What is expected >> Output, word for word, the lines of this listing that fall between the line with "Section RevPairs." and the line with "Variable R : realType.", counting both of those lines, and no others.
##########
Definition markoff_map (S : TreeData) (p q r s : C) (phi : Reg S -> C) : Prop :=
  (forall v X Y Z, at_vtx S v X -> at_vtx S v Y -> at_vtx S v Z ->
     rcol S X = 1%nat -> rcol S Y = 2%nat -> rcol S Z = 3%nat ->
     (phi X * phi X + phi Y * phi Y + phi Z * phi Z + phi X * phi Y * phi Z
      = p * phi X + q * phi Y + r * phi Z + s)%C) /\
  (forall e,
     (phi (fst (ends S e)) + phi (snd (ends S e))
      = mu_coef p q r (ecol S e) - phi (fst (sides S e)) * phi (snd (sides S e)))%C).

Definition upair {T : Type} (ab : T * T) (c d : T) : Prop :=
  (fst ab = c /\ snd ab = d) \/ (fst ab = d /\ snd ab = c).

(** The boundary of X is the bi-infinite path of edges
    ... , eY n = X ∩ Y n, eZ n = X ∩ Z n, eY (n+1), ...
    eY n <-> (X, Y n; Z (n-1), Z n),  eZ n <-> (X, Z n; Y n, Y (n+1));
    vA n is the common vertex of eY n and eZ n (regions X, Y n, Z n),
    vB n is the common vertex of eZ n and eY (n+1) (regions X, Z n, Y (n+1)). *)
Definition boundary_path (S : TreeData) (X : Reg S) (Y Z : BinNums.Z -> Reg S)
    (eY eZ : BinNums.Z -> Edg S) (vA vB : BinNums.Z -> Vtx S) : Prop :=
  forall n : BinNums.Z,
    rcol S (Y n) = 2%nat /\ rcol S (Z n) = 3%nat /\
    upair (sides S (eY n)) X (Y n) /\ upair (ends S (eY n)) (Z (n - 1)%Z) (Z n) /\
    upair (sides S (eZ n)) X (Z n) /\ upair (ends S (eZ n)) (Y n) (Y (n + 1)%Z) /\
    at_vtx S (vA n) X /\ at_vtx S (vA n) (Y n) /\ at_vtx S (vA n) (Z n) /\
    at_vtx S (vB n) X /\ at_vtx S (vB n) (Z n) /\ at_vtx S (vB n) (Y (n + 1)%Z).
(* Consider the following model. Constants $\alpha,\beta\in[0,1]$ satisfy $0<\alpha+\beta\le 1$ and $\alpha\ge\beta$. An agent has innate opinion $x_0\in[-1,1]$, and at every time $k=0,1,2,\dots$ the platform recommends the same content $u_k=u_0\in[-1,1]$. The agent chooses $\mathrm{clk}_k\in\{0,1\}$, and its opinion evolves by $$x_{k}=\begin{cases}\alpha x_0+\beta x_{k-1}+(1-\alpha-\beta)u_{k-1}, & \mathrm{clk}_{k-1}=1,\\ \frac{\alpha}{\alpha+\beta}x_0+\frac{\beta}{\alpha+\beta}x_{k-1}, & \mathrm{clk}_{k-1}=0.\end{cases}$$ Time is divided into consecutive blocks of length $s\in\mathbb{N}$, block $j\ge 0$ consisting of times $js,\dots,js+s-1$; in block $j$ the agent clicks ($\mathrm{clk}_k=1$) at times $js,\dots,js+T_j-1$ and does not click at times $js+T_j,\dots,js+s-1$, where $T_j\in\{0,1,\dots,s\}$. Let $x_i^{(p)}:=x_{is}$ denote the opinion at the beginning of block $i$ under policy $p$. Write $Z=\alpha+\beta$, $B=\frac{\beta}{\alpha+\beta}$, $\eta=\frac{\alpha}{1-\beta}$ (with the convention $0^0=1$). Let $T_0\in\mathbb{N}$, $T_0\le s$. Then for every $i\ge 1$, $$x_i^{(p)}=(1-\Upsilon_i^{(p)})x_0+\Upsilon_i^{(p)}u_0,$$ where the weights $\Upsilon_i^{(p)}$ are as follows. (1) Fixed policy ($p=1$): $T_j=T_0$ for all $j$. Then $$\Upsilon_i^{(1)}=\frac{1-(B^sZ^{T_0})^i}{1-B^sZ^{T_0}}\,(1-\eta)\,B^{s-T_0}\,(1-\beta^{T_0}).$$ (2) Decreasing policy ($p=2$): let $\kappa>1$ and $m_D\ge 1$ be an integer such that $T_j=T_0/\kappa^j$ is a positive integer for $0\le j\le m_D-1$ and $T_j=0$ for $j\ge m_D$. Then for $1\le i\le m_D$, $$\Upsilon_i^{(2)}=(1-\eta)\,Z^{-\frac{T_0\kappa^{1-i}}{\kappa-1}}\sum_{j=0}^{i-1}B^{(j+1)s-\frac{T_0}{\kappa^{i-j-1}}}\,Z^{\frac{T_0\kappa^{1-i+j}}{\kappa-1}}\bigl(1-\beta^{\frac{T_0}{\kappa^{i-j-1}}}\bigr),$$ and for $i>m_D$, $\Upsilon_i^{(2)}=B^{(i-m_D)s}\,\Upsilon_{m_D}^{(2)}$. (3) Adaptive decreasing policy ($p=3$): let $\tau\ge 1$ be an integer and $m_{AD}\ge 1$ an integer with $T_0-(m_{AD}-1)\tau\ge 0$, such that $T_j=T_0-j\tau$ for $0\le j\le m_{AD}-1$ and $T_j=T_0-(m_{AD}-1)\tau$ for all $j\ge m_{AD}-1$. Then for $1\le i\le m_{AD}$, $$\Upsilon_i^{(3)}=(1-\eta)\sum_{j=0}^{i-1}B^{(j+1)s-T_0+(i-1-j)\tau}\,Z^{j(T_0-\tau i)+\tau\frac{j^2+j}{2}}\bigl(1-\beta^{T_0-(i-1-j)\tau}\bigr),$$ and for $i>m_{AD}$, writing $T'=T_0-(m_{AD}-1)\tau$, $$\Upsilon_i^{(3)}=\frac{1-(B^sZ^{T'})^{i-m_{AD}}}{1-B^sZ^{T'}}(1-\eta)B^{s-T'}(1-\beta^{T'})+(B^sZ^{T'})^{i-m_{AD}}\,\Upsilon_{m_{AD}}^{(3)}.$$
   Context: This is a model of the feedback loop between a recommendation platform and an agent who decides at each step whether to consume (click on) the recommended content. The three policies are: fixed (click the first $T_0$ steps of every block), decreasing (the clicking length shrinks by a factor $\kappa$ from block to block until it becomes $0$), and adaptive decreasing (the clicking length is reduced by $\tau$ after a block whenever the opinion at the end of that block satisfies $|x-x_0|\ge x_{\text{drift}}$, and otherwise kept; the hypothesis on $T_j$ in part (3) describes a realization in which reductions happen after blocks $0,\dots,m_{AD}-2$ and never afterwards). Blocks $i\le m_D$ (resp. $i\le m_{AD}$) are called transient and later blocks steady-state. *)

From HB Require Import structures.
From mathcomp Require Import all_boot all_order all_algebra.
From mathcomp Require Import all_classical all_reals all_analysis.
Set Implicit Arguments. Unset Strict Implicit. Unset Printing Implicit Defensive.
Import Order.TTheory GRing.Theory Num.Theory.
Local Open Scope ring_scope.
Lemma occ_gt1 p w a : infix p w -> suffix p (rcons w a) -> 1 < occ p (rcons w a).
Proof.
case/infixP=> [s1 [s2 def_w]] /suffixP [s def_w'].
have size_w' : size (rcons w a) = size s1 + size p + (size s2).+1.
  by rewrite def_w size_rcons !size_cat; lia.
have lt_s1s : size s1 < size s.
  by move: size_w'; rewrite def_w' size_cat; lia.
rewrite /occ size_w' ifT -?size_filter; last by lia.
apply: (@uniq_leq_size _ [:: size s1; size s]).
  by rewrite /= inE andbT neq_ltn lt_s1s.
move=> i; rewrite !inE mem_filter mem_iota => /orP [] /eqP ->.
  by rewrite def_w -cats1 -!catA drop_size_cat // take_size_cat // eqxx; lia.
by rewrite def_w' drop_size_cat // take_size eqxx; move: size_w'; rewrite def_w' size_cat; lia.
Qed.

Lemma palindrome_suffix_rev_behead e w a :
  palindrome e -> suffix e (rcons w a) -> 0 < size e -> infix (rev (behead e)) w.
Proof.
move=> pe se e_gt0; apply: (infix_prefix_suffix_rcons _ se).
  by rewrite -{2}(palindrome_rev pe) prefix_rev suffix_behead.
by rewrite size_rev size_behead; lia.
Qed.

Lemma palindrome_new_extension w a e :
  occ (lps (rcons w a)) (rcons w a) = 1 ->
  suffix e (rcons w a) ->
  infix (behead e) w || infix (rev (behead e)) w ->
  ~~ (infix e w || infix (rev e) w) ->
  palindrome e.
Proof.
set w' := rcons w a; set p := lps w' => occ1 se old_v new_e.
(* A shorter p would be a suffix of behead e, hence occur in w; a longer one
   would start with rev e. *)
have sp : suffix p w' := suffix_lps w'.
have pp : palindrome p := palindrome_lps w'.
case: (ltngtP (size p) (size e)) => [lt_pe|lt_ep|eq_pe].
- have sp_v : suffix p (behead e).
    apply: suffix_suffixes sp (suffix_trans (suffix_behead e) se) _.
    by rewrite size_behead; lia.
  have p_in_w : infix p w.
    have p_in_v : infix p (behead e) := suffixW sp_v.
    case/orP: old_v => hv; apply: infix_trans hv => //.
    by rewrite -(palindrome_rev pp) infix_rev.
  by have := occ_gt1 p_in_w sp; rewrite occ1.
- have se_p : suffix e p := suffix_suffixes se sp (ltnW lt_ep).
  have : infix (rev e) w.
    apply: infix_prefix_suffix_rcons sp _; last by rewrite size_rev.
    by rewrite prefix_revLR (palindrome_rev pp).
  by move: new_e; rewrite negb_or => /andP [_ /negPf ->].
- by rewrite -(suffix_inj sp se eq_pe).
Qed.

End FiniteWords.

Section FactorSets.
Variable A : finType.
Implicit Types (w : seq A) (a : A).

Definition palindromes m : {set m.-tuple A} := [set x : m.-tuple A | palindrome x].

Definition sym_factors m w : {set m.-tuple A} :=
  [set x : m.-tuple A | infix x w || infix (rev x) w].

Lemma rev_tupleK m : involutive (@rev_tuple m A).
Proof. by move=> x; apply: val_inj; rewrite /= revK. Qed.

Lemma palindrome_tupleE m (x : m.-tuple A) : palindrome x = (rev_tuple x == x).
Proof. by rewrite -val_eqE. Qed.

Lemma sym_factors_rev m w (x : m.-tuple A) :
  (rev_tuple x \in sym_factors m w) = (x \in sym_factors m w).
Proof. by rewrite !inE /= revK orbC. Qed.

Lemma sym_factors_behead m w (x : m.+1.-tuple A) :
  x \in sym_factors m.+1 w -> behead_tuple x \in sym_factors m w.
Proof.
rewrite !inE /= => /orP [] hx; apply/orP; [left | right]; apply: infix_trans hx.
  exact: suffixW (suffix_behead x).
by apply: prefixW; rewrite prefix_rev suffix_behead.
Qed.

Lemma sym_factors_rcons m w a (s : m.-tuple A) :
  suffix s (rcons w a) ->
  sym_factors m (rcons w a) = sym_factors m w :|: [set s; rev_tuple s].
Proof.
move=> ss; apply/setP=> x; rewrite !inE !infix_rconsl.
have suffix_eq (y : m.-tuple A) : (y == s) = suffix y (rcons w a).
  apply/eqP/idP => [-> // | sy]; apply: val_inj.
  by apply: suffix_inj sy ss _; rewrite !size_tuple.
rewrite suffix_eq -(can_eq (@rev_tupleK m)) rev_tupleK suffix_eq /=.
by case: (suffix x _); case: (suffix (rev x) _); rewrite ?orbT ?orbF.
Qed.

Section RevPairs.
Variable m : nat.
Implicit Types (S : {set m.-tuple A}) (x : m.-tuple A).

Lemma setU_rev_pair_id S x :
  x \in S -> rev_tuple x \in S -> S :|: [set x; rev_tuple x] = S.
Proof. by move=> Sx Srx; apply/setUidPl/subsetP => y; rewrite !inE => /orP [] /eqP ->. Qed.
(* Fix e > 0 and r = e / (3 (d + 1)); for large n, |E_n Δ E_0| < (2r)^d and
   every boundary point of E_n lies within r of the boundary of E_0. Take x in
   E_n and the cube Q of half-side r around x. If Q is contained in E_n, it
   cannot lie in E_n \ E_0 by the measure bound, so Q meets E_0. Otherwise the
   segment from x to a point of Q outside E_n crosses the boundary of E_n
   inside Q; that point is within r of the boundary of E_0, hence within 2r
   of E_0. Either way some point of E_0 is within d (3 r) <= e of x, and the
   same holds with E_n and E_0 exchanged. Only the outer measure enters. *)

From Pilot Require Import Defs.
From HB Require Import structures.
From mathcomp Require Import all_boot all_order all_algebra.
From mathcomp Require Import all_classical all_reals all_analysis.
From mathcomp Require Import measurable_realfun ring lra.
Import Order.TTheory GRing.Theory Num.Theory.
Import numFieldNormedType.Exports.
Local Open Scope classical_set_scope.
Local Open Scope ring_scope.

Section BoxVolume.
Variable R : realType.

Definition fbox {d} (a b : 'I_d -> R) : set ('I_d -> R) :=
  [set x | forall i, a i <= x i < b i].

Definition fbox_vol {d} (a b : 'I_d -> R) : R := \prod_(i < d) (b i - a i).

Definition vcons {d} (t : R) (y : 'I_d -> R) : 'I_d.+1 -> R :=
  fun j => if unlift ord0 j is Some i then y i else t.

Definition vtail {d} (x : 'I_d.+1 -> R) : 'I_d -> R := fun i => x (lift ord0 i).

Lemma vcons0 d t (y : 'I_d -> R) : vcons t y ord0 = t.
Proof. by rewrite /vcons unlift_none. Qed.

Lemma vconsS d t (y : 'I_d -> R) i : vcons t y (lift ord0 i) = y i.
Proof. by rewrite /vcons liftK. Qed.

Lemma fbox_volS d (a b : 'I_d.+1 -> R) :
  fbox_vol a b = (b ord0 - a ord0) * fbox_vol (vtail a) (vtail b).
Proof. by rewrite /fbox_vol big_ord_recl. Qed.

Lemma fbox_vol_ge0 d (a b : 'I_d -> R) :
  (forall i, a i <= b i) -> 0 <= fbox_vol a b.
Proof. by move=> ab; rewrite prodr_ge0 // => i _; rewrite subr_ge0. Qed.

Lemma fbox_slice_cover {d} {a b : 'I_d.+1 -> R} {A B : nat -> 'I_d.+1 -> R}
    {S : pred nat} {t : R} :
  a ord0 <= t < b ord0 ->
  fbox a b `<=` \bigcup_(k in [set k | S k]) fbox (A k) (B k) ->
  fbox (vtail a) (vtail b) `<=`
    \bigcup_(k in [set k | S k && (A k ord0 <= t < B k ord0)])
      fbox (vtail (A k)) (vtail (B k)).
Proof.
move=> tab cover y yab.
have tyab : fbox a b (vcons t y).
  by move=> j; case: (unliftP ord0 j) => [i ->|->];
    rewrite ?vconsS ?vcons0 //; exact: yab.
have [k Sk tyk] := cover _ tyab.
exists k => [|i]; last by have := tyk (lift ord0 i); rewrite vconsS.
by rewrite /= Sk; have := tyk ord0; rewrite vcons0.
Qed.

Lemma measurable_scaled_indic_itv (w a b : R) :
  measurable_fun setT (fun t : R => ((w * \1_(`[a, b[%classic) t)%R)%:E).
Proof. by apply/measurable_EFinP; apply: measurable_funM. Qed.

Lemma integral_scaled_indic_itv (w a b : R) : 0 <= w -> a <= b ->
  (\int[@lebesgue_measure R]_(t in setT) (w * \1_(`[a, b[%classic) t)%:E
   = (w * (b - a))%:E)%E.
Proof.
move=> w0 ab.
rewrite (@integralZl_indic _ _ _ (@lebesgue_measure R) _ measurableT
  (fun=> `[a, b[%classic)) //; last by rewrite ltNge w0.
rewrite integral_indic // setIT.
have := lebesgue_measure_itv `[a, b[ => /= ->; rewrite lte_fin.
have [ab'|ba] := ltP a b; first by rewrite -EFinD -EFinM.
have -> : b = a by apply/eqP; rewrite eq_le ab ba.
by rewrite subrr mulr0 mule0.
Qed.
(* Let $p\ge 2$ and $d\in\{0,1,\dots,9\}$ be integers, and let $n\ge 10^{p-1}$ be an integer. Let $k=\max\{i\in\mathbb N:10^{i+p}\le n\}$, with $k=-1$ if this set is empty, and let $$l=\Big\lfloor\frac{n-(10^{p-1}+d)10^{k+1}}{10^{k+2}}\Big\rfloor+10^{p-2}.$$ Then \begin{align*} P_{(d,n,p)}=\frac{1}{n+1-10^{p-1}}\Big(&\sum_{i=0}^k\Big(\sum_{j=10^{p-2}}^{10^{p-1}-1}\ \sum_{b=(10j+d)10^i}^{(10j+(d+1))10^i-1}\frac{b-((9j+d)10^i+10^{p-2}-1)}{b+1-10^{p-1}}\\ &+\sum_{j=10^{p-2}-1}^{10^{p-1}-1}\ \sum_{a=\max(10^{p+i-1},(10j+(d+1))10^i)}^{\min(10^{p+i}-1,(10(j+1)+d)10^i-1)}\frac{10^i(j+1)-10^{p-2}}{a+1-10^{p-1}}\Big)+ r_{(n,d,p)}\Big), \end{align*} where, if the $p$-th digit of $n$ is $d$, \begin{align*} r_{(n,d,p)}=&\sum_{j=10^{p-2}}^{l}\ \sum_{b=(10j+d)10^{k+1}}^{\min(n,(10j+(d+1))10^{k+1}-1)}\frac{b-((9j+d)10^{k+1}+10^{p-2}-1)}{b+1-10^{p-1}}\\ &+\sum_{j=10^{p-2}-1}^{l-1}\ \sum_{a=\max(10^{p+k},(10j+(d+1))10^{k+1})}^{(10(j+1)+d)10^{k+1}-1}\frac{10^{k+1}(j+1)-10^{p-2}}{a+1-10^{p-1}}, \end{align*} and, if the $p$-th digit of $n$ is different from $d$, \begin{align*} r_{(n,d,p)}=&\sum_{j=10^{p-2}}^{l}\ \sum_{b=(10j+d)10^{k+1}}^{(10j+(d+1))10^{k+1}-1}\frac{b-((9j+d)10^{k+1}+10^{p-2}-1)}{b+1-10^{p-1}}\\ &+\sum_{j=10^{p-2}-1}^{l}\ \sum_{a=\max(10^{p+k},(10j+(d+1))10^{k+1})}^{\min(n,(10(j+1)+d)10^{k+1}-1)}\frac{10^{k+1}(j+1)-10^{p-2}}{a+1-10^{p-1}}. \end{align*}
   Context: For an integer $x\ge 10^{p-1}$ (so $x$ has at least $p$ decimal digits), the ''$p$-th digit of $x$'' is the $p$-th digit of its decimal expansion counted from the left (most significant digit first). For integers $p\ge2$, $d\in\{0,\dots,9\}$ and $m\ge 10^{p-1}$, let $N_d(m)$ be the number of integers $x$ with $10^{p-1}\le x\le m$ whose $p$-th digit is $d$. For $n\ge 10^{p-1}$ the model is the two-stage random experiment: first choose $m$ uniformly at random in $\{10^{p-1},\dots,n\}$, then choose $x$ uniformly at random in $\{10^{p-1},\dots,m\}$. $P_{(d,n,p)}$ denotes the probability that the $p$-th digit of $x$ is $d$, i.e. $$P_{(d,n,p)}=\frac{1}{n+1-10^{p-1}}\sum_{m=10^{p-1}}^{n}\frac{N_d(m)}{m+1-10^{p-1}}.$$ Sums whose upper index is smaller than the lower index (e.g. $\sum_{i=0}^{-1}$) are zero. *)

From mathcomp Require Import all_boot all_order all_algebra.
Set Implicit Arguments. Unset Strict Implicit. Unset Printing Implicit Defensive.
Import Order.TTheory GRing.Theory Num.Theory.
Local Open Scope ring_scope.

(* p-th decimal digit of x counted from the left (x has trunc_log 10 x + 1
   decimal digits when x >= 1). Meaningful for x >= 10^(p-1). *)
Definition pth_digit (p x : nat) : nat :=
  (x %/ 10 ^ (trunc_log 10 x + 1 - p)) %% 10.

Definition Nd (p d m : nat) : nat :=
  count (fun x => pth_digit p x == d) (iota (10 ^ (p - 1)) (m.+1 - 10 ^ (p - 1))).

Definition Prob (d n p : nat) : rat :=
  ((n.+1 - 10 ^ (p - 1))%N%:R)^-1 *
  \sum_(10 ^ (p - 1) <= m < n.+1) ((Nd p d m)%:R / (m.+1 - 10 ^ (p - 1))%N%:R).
##########
Output >>
Section RevPairs.
Variable m : nat.
Implicit Types (S : {set m.-tuple A}) (x : m.-tuple A).

Lemma setU_rev_pair_id S x :
  x \in S -> rev_tuple x \in S -> S :|: [set x; rev_tuple x] = S.
Proof. by move=> Sx Srx; apply/setUidPl/subsetP => y; rewrite !inE => /orP [] /eqP ->. Qed.
(* Fix e > 0 and r = e / (3 (d + 1)); for large n, |E_n Δ E_0| < (2r)^d and
   every boundary point of E_n lies within r of the boundary of E_0. Take x in
   E_n and the cube Q of half-side r around x. If Q is contained in E_n, it
   cannot lie in E_n \ E_0 by the measure bound, so Q meets E_0. Otherwise the
   segment from x to a point of Q outside E_n crosses the boundary of E_n
   inside Q; that point is within r of the boundary of E_0, hence within 2r
   of E_0. Either way some point of E_0 is within d (3 r) <= e of x, and the
   same holds with E_n and E_0 exchanged. Only the outer measure enters. *)

From Pilot Require Import Defs.
From HB Require Import structures.
From mathcomp Require Import all_boot all_order all_algebra.
From mathcomp Require Import all_classical all_reals all_analysis.
From mathcomp Require Import measurable_realfun ring lra.
Import Order.TTheory GRing.Theory Num.Theory.
Import numFieldNormedType.Exports.
Local Open Scope classical_set_scope.
Local Open Scope ring_scope.

Section BoxVolume.
Variable R : realType.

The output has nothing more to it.